---------- Task inputs
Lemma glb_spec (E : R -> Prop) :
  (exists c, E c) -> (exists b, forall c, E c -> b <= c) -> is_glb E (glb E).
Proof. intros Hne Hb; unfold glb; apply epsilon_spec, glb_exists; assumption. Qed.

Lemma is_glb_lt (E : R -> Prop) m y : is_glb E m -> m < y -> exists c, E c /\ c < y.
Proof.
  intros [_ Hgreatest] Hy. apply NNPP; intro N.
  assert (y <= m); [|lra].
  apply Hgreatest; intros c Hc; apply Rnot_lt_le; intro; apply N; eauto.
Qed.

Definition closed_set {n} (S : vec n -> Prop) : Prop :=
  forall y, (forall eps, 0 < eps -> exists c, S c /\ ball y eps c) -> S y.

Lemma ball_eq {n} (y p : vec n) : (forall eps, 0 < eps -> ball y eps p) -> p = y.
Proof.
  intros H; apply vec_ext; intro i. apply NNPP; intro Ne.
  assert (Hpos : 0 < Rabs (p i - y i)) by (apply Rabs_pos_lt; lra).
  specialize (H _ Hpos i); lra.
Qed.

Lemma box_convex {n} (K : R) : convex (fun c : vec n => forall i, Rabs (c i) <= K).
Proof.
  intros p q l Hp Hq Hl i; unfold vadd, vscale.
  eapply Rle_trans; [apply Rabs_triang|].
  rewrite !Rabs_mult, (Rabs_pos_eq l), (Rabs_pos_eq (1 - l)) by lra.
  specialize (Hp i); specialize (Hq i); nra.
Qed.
--------------------
---------- Task inputs
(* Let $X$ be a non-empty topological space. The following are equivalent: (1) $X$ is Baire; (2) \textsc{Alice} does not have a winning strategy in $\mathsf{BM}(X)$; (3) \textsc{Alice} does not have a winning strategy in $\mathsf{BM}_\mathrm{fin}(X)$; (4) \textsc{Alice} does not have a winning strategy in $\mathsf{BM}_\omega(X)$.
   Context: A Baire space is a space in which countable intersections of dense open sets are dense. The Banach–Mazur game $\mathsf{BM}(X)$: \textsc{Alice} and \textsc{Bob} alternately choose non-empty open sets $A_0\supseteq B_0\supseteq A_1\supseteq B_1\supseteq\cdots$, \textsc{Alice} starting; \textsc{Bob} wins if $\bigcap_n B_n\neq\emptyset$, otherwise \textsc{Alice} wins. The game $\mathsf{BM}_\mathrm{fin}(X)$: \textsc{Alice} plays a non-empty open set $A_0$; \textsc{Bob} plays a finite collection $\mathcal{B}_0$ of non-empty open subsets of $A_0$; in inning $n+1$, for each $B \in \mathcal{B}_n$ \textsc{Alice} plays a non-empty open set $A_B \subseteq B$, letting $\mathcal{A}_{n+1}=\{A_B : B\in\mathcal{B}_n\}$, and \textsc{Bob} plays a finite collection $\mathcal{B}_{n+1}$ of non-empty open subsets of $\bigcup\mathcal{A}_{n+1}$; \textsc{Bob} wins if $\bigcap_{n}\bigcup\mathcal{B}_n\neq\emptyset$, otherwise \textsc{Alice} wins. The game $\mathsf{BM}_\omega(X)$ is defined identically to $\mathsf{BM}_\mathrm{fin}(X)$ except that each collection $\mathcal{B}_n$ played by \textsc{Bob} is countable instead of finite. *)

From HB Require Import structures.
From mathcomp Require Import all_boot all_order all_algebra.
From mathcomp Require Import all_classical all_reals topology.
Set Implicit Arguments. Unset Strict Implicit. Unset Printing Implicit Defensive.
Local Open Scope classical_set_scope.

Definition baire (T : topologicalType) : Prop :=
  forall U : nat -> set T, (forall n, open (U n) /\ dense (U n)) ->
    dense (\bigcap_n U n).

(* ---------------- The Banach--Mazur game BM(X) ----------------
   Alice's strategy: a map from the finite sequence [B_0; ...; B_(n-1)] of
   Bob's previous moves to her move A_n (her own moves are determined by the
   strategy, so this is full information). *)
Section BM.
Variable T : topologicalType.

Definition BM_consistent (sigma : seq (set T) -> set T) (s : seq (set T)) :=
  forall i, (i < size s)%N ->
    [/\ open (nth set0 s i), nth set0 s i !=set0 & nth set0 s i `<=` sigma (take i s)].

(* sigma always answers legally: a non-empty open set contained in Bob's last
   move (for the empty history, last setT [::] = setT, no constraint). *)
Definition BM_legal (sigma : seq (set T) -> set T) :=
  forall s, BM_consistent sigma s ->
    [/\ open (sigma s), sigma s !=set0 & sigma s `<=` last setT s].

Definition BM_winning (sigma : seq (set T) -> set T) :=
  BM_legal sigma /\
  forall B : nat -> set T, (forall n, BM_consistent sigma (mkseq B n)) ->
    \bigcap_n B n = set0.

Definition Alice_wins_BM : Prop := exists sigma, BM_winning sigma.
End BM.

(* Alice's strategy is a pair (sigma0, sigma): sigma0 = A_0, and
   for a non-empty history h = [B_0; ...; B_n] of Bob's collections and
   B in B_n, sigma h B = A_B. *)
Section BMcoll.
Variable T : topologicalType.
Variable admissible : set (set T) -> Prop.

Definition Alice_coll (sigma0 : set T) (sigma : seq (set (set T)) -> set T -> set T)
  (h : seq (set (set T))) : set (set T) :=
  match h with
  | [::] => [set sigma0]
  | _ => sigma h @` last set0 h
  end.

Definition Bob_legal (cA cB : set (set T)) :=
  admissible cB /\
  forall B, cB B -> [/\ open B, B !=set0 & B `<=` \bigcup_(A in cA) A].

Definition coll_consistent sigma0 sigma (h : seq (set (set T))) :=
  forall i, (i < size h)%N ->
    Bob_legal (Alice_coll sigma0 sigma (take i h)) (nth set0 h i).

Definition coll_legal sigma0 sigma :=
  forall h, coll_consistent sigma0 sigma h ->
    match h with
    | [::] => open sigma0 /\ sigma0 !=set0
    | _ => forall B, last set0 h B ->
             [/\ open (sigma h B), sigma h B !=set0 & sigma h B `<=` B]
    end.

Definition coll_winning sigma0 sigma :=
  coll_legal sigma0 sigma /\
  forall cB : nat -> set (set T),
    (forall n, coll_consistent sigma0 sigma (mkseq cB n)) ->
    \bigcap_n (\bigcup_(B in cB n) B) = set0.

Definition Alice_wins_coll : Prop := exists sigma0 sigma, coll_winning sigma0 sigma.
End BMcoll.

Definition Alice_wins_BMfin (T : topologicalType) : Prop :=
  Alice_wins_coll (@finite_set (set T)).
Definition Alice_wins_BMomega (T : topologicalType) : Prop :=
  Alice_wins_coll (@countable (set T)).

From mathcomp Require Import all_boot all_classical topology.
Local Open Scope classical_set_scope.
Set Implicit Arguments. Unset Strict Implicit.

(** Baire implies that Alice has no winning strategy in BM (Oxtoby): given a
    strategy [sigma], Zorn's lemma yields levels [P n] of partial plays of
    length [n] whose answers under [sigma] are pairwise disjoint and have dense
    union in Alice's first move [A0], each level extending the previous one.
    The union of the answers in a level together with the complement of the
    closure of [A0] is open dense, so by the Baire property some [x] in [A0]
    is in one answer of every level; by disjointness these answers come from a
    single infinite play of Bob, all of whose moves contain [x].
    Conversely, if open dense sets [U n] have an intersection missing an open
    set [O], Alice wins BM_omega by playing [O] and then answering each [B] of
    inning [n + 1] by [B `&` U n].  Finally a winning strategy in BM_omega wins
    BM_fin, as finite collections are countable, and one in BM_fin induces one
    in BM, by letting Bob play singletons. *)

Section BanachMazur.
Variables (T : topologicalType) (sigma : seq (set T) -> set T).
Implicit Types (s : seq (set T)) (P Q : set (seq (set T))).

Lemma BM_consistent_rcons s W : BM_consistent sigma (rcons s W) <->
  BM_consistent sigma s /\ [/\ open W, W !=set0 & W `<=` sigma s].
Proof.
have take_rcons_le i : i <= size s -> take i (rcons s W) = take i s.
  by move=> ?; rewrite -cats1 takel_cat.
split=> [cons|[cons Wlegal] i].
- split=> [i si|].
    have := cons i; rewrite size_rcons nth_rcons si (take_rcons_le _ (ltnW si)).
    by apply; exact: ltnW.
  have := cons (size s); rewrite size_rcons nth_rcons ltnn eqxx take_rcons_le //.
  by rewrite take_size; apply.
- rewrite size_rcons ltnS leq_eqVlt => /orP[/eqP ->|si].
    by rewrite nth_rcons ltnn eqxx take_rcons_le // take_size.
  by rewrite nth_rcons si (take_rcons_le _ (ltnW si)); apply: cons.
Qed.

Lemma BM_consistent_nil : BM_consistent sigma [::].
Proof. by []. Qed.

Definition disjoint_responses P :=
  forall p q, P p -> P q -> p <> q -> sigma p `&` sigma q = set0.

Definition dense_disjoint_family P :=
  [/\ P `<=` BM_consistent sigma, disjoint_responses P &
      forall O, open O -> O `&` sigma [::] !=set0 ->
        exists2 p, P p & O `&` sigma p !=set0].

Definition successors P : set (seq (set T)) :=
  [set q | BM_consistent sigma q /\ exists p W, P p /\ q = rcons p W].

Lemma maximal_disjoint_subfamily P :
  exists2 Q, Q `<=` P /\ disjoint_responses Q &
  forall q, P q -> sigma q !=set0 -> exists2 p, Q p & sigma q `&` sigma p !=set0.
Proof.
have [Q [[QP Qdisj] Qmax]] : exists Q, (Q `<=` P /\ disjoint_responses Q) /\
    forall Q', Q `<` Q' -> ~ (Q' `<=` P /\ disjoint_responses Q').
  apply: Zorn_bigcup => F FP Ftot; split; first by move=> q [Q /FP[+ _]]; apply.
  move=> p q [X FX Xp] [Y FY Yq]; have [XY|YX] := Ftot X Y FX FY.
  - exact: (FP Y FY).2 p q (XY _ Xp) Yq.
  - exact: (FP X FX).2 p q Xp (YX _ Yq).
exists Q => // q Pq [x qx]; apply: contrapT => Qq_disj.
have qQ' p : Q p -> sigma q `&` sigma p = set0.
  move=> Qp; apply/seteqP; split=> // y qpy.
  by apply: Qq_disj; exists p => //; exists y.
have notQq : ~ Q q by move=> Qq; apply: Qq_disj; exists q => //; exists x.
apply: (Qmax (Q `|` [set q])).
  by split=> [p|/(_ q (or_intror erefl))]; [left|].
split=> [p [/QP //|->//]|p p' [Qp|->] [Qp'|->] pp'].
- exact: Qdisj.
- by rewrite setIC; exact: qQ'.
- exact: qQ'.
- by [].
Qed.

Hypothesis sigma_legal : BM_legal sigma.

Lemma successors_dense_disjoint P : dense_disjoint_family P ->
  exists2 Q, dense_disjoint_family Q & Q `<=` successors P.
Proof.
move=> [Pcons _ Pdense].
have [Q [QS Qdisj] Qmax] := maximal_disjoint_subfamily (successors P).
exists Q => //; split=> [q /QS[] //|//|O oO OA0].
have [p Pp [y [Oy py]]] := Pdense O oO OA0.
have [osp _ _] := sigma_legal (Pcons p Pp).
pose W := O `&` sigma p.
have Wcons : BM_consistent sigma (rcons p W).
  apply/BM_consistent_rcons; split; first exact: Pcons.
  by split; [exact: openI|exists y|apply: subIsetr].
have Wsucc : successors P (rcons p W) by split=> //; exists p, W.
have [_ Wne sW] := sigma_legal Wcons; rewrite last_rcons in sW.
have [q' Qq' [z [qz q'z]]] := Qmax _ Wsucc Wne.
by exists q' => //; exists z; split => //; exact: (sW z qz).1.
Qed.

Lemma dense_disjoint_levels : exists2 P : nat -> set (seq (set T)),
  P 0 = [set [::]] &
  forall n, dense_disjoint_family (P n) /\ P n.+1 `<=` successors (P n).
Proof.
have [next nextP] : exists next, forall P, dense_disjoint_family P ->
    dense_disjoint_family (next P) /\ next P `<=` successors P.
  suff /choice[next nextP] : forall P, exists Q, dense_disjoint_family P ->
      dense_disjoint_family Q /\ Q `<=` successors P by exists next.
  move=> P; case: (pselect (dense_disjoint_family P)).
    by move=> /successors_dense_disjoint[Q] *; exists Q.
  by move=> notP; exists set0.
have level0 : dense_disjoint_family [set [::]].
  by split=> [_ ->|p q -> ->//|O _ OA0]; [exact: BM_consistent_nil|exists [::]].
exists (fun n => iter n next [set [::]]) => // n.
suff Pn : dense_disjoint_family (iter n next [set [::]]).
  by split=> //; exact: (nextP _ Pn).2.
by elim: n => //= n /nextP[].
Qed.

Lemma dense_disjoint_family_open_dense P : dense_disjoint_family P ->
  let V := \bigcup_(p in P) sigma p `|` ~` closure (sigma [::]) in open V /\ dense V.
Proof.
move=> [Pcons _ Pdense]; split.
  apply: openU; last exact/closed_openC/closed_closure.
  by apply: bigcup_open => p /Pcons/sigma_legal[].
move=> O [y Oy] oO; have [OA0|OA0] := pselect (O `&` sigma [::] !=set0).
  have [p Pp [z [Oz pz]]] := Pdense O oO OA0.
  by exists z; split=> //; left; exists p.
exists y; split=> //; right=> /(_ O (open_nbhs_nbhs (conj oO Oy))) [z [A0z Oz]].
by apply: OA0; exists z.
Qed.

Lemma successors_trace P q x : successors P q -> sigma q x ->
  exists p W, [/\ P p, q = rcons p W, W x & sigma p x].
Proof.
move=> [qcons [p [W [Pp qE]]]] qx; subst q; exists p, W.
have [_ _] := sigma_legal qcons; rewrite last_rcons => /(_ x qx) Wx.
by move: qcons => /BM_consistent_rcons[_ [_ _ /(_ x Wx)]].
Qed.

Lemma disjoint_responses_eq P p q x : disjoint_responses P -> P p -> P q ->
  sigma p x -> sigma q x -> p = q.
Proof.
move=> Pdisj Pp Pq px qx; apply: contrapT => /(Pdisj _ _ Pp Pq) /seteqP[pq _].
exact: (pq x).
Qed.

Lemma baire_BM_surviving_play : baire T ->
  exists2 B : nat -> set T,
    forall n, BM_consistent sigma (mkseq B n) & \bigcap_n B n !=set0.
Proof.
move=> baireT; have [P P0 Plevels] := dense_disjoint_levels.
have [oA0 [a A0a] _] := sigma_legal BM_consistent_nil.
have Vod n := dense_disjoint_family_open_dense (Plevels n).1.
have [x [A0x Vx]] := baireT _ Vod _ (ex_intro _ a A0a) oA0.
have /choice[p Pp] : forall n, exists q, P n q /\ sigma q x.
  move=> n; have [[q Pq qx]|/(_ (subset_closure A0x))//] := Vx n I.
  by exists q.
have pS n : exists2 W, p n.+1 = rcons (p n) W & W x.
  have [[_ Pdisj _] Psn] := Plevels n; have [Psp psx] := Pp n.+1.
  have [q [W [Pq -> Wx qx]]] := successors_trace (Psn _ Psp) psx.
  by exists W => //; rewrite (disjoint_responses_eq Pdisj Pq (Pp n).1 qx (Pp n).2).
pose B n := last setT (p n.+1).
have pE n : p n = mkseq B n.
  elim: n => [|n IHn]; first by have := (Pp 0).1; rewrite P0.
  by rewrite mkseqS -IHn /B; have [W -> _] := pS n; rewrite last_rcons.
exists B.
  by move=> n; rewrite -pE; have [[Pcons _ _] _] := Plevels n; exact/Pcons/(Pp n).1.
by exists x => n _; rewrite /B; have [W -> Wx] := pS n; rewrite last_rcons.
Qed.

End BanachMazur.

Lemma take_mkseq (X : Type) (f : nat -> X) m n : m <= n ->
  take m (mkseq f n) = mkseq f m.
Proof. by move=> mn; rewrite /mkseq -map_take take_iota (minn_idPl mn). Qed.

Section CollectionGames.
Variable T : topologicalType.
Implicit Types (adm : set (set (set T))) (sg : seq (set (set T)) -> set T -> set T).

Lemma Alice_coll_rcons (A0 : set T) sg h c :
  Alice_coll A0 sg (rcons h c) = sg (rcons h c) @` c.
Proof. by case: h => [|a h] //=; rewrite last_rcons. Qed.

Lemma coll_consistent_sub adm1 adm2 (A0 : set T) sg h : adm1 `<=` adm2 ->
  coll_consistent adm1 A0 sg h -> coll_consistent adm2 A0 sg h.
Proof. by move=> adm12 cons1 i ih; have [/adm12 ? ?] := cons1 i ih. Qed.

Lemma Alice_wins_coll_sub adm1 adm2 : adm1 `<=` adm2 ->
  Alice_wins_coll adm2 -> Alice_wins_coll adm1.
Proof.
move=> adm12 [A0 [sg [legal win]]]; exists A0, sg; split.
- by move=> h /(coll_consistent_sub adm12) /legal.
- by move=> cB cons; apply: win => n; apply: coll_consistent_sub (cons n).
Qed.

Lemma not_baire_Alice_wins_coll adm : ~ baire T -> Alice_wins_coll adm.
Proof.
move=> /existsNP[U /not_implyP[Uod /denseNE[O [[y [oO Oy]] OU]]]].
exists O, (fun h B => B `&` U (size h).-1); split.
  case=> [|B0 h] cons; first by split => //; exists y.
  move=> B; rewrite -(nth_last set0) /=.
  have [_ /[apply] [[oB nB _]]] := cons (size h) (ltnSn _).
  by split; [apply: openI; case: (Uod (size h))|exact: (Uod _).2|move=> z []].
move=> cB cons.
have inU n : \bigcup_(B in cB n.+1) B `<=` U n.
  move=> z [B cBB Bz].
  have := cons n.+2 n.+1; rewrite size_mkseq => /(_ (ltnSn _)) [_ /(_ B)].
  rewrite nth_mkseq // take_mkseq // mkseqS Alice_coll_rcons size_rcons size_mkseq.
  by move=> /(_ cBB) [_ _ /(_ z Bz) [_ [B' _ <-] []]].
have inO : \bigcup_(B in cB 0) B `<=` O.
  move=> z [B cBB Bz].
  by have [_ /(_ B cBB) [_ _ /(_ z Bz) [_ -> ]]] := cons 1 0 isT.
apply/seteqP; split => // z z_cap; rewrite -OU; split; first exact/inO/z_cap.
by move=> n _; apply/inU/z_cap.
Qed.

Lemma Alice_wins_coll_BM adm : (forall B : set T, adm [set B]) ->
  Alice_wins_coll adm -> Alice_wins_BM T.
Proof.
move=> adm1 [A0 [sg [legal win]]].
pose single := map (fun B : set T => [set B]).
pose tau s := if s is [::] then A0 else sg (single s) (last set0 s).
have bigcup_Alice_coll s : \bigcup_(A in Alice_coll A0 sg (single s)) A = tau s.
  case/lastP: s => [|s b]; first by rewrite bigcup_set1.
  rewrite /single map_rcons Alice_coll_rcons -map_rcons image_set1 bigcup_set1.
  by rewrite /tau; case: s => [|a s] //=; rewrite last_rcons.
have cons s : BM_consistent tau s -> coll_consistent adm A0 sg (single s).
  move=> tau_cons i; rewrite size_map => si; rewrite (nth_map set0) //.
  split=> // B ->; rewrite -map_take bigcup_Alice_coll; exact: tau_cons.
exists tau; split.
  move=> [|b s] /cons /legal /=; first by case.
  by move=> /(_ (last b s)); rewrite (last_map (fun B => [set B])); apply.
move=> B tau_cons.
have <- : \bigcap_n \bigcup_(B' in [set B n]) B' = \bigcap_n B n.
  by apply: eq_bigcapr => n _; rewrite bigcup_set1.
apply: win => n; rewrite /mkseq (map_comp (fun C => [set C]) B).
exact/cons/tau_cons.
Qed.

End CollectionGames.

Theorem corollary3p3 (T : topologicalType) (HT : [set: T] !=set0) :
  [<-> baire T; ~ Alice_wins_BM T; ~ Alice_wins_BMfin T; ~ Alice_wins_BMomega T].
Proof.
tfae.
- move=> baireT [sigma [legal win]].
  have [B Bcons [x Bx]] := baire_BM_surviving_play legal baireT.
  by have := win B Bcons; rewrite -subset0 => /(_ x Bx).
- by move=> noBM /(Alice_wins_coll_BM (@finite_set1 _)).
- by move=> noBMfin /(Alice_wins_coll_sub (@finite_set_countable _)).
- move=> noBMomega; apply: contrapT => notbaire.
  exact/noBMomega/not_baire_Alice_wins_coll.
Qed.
--------------------
» **Exercise details**: Transcribe the records above exactly, beginning at the line that contains "case/lastP: s =>" and ending with the line that contains "by rewrite /tau;", both included, and nothing else.

» **Answer to the exercise**:
  case/lastP: s => [|s b]; first by rewrite bigcup_set1.
  rewrite /single map_rcons Alice_coll_rcons -map_rcons image_set1 bigcup_set1.
  by rewrite /tau; case: s => [|a s] //=; rewrite last_rcons.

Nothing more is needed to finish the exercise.